In [276]:
import os
import torch

from enum import Enum

import pandas as pd
import numpy as np

import torch.nn as nn
import torch.nn.functional as F

from torch.autograd import Variable

from gensim.models import KeyedVectors
from gensim.scripts.glove2word2vec import glove2word2vec
from uuid import uuid4

# 1. Implement functionality to read and process NER 2003 English Shared Task data in CoNNL file format

In [129]:
def read_file(path):
    with open(path, 'r') as f:
        return f.read()

def read_folder(folder, ext):
    return [
        read_file(os.path.join(folder, filename)) for filename in sorted(os.listdir(folder)) if filename.endswith(ext)
    ]

def read_connl_to_df(folder, ext):
    result = []
    offest = 0
    for txt in read_folder(folder, ext):
        rows = []
        sentences = txt.split('\n\n')
        for i, sentence in enumerate(sentences):
            for word in sentence.split('\n'):
                row = word.split(' ')
                row.append(int(offest + i))
                rows.append(row)
        result.append(pd.DataFrame(rows))
        offest = len(sentences)
    return result

def set_connl_df_naming(df):
    df.columns = ['word', 'part_of_speech', 'chunk', 'tag', 'sentence_id']
    return df.reset_index(drop=True)

In [131]:
test, train = [set_connl_df_naming(df.iloc[1:]) for df in read_connl_to_df('./dataset/', '.txt')]
df = test.append(train)

df.head(10)

3685
14988


Unnamed: 0,word,part_of_speech,chunk,tag,sentence_id
0,SOCCER,NN,B-NP,O,1.0
1,-,:,O,O,1.0
2,JAPAN,NNP,B-NP,B-LOC,1.0
3,GET,VB,B-VP,O,1.0
4,LUCKY,NNP,B-NP,O,1.0
5,WIN,NNP,I-NP,O,1.0
6,",",",",O,O,1.0
7,CHINA,NNP,B-NP,B-PER,1.0
8,IN,IN,B-PP,O,1.0
9,SURPRISE,DT,B-NP,O,1.0


# 2. Implement 3 strategies for loading the embeddings

1) load the embeddings for original capitalization of words. If embedding for this word doesn’t exists, associate it with UNKNOWN embedding (5% of score).

2) load the embeddings for lowercased capitalization of words. If embedding for this lowercased word doesn’t exists, associate it with UNKNOWN embedding (5% of score).

3) load the embeddings for original capitalization of words. If embedding for this word doesn’t exists, try to find the embedding for lowercased version and associate it to the word with original capitalization.
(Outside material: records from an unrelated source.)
(* For fixed couplings, Omega_R is the Gibbs state of the replicated energy
   E(S) = sum_l H(S l), and d/dbeta <G> = -<G; E> = -|Lambda| sum_l <h(S l); G>.
   Hence Delta_1 G = -(1/|Lambda|) d/dbeta Av <G>, so its integral over
   [beta1, beta2] is -(1/|Lambda|) times an increment of Av <G>, which |G| <= 1
   bounds by 2/|Lambda|.  Exchanging Av with d/dbeta is dominated convergence:
   for beta > 0 the truncated correlation of a bounded observable with the
   energy is at most 2 #configurations / beta, since x exp(-beta x) <= 1/beta
   for the energy x above the ground state. *)

From HB Require Import structures.
From mathcomp Require Import all_boot all_order all_algebra finmap.
From mathcomp Require Import all_classical all_reals all_analysis.
From mathcomp Require Import measurable_realfun ring lra.
Set Implicit Arguments. Unset Strict Implicit. Unset Printing Implicit Defensive.
Import Order.TTheory GRing.Theory Num.Theory.
Import numFieldNormedType.Exports.
Local Open Scope classical_set_scope.
Local Open Scope ring_scope.

Section Calculus.
Variable R : realType.
Implicit Types (b k x : R).

Lemma is_derive_sum_seq (I : Type) (r : seq I) (h : I -> R -> R) (dh : I -> R) x :
  (forall i, is_derive x 1 (h i) (dh i)) ->
  is_derive x 1 (fun y => \sum_(i <- r) h i y) (\sum_(i <- r) dh i).
Proof.
move=> h_dh; rewrite -fct_sumE.
by elim/big_ind2: _ => // *; [exact: is_derive_cst | exact: is_deriveD].
Qed.

Lemma is_derive_expRM k b :
  is_derive b 1 (fun x => expR (- x * k)) (- k * expR (- b * k)).
Proof.
have lin : is_derive b 1 (fun x => - x * k) (- k).
  have := is_deriveM (is_deriveNid b 1) (is_derive_cst k b 1).
  by move/is_derive_eq; apply; rewrite scaler0 add0r /GRing.scale /= mulrN1.
by rewrite mulrC; exact: (is_derive1_comp (f := expR)).
Qed.

End Calculus.

Section GibbsState.
Variables (R : realType) (C : finType) (E : C -> R).
Implicit Types (b x : R) (f g : C -> R) (s : C).

Definition partition_fun b : R := \sum_s expR (- b * E s).
Definition gibbs_weight b s : R := expR (- b * E s) / partition_fun b.
Definition gibbs b f : R := \sum_s f s * gibbs_weight b s.
Definition gibbs_cov b f g : R :=
  gibbs b (fun s => f s * g s) - gibbs b f * gibbs b g.

Lemma partition_fun_gt0 b s : 0 < partition_fun b.
Proof.
rewrite /partition_fun (bigD1 s) //= ltr_pwDl ?expR_gt0 //.
by apply: sumr_ge0 => t _; rewrite ltW ?expR_gt0.
Qed.

Lemma gibbs_weight_gt0 b s : 0 < gibbs_weight b s.
Proof. by rewrite divr_gt0 ?expR_gt0 ?(partition_fun_gt0 b s). Qed.

Lemma gibbs_weight_le b s t : gibbs_weight b s <= expR (- (b * (E s - E t))).
Proof.
have Zt : expR (- b * E t) <= partition_fun b.
  rewrite /partition_fun (bigD1 t) //= lerDl.
  by apply: sumr_ge0 => u _; rewrite ltW ?expR_gt0.
rewrite /gibbs_weight ler_pdivrMr ?(partition_fun_gt0 b s) //.
apply: le_trans (ler_wpM2l (ltW (expR_gt0 _)) Zt).
by rewrite -expRD (_ : _ + _ = - b * E s) //; ring.
Qed.

(* s0 only witnesses that C is nonempty. *)
Lemma sum_gibbs_weight b s0 : \sum_s gibbs_weight b s = 1.
Proof. by rewrite -mulr_suml divff // gt_eqF ?(partition_fun_gt0 b s0). Qed.

Lemma eq_gibbs b f g : f =1 g -> gibbs b f = gibbs b g.
Proof. by move=> fg; apply: eq_bigr => s _; rewrite fg. Qed.

Lemma gibbsD b f g : gibbs b (fun s => f s + g s) = gibbs b f + gibbs b g.
Proof. by rewrite -big_split; apply: eq_bigr => s _; rewrite mulrDl. Qed.

Lemma gibbsZ b x f : gibbs b (fun s => x * f s) = x * gibbs b f.
Proof. by rewrite mulr_sumr; apply: eq_bigr => s _; rewrite mulrA. Qed.

Lemma gibbs_sum b (I : Type) (r : seq I) (F : I -> C -> R) :
  gibbs b (fun s => \sum_(i <- r) F i s) = \sum_(i <- r) gibbs b (F i).
Proof.
rewrite /gibbs (exchange_big_dep xpredT) //=.
by apply: eq_bigr => s _; rewrite mulr_suml.
Qed.

Lemma gibbs_cst b s0 x : gibbs b (fun _ => x) = x.
Proof. by rewrite /gibbs -mulr_sumr (sum_gibbs_weight b s0) mulr1. Qed.

Lemma ler_gibbs b f g : (forall s, f s <= g s) -> gibbs b f <= gibbs b g.
Proof.
move=> fg; rewrite /gibbs; apply: ler_sum => s _.
by apply: ler_wpM2r; [exact/ltW/gibbs_weight_gt0 | exact: fg].
Qed.

Lemma ler_norm_gibbs b f : `|gibbs b f| <= gibbs b (fun s => `|f s|).
Proof.
rewrite /gibbs; apply: le_trans (ler_norm_sum _ _ _) _; apply: ler_sum => s _.
by rewrite normrM (gtr0_norm (gibbs_weight_gt0 b s)).
Qed.

Lemma gibbs_norm_le1 b s0 f : (forall s, `|f s| <= 1) -> `|gibbs b f| <= 1.
Proof.
move=> f1; rewrite -(gibbs_cst b s0 1).
exact: le_trans (ler_norm_gibbs b f) (ler_gibbs b f1).
Qed.

Lemma gibbs_cov_shiftl b s0 f g c :
  gibbs_cov b (fun s => f s - c) g = gibbs_cov b f g.
Proof.
rewrite /gibbs_cov /=.
have -> : gibbs b (fun s => (f s - c) * g s) =
          gibbs b (fun s => f s * g s) + - c * gibbs b g.
  by rewrite -gibbsZ -gibbsD; apply: eq_gibbs => s; ring.
have -> : gibbs b (fun s => f s - c) = gibbs b f + - c.
  by rewrite -[X in _ + X](gibbs_cst b s0) -gibbsD.
by ring.
Qed.

Lemma gibbs_cov_suml b (I : Type) (r : seq I) (F : I -> C -> R) g :
  gibbs_cov b (fun s => \sum_(i <- r) F i s) g = \sum_(i <- r) gibbs_cov b (F i) g.
Proof.
rewrite /gibbs_cov sumrB -big_distrl /= -!gibbs_sum; congr (_ - _).
by apply: eq_gibbs => s; rewrite mulr_suml.
Qed.

Lemma gibbs_covZl b x f g :
  gibbs_cov b (fun s => x * f s) g = x * gibbs_cov b f g.
Proof.
rewrite /gibbs_cov (eq_gibbs b (g := fun s => x * (f s * g s))).
  by rewrite !gibbsZ mulrBr mulrA.
by move=> s; rewrite mulrA.
Qed.

Lemma gibbs_covC b f g : gibbs_cov b f g = gibbs_cov b g f.
Proof.
by rewrite /gibbs_cov mulrC; congr (_ - _); apply: eq_gibbs => s; rewrite mulrC.
Qed.

Lemma norm_gibbs_cov_le b s0 f g : (forall s, 0 <= f s) ->
  (forall s, `|g s| <= 1) -> `|gibbs_cov b f g| <= 2 * gibbs b f.
Proof.
move=> f_ge0 g1.
have gibbs_f_ge0 : 0 <= gibbs b f.
  by apply: sumr_ge0 => s _; rewrite mulr_ge0 ?f_ge0 ?ltW ?gibbs_weight_gt0.
have fg_le : `|gibbs b (fun s => f s * g s)| <= gibbs b f.
  apply: le_trans (ler_norm_gibbs _ _) (ler_gibbs _ _) => s.
  by rewrite normrM ger0_norm ?f_ge0 // ler_piMr ?f_ge0.
have f_g_le : `|gibbs b f * gibbs b g| <= gibbs b f.
  by rewrite normrM ger0_norm // ler_piMr ?(gibbs_norm_le1 b s0).
by apply: le_trans (ler_normB _ _) _; lra.
Qed.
Otherwise, associate it with UNKNOWN embedding (20% of score).

In [108]:
word2vec_output_file = 'glove.6B.100d.txt.word2vec'
glove2word2vec('./glove.6B.100d.txt', word2vec_output_file)

(400000, 100)

In [252]:
class STRATEGY(Enum):
    CASED = 1
    LOWER = 2
    FALLBACK_TO_LOWER = 3

class W2V:
    
    def __init__(self, w2v):
        self.w2v = w2v
    
    def get_vector(self, word):
        try:
            return self.w2v.get_vector(word)
        except KeyError:
            return self.w2v.get_vector("unk")
        
    def get_vector_lowercased(self, word):
        try:
            return self.w2v.get_vector(str(word).lower())
        except KeyError:
            return self.w2v.get_vector("unk")
        
    def get_vector_lowercased_onfail(self, word):
        unk = self.w2v.get_vector("unk")
        original_case = self.get_vector(word)
        
        if np.array_equal(unk, original_case):
            return self.get_vector_lowercased(word)
        
        return original_case
    
    def enreach_df_with_vector_representation_of_words(self, df, strategy, col_in, col_out):
        if strategy == STRATEGY.CASED:
            df[col_out] = df[col_in].apply(lambda word: self.get_vector(word))
        if strategy == STRATEGY.LOWER:
            df[col_out] = df[col_in].apply(lambda word: self.get_vector_lowercased(word))
        if strategy == STRATEGY.FALLBACK_TO_LOWER:
            df[col_out] = df[col_in].apply(lambda word: self.get_vector_lowercased_onfail(word))
        return df
        
    @staticmethod
    def load_word2vec_format(path):
        embeddings = KeyedVectors.load_word2vec_format(path)
        return W2V(embeddings)

In [253]:
glove = W2V.load_word2vec_format(word2vec_output_file)

In [254]:
df_str_1 = glove.enreach_df_with_vector_representation_of_words(df.copy(deep=True), STRATEGY.CASED, "word", "vec")
df_str_2 = glove.enreach_df_with_vector_representation_of_words(df.copy(deep=True), STRATEGY.LOWER, "word", "vec")
df_str_3 = glove.enreach_df_with_vector_representation_of_words(df.copy(deep=True), STRATEGY.FALLBACK_TO_LOWER, "word", "vec")

df_str_1.head()

Unnamed: 0,word,part_of_speech,chunk,tag,sentence_id,vec
0,SOCCER,NN,B-NP,O,1.0,"[0.027166, -0.1762, -0.19623, 0.33527, 0.06239..."
1,-,:,O,O,1.0,"[-1.2557, 0.61036, 0.56793, -0.96596, -0.45249..."
2,JAPAN,NNP,B-NP,B-LOC,1.0,"[0.027166, -0.1762, -0.19623, 0.33527, 0.06239..."
3,GET,VB,B-VP,O,1.0,"[0.027166, -0.1762, -0.19623, 0.33527, 0.06239..."
4,LUCKY,NNP,B-NP,O,1.0,"[0.027166, -0.1762, -0.19623, 0.33527, 0.06239..."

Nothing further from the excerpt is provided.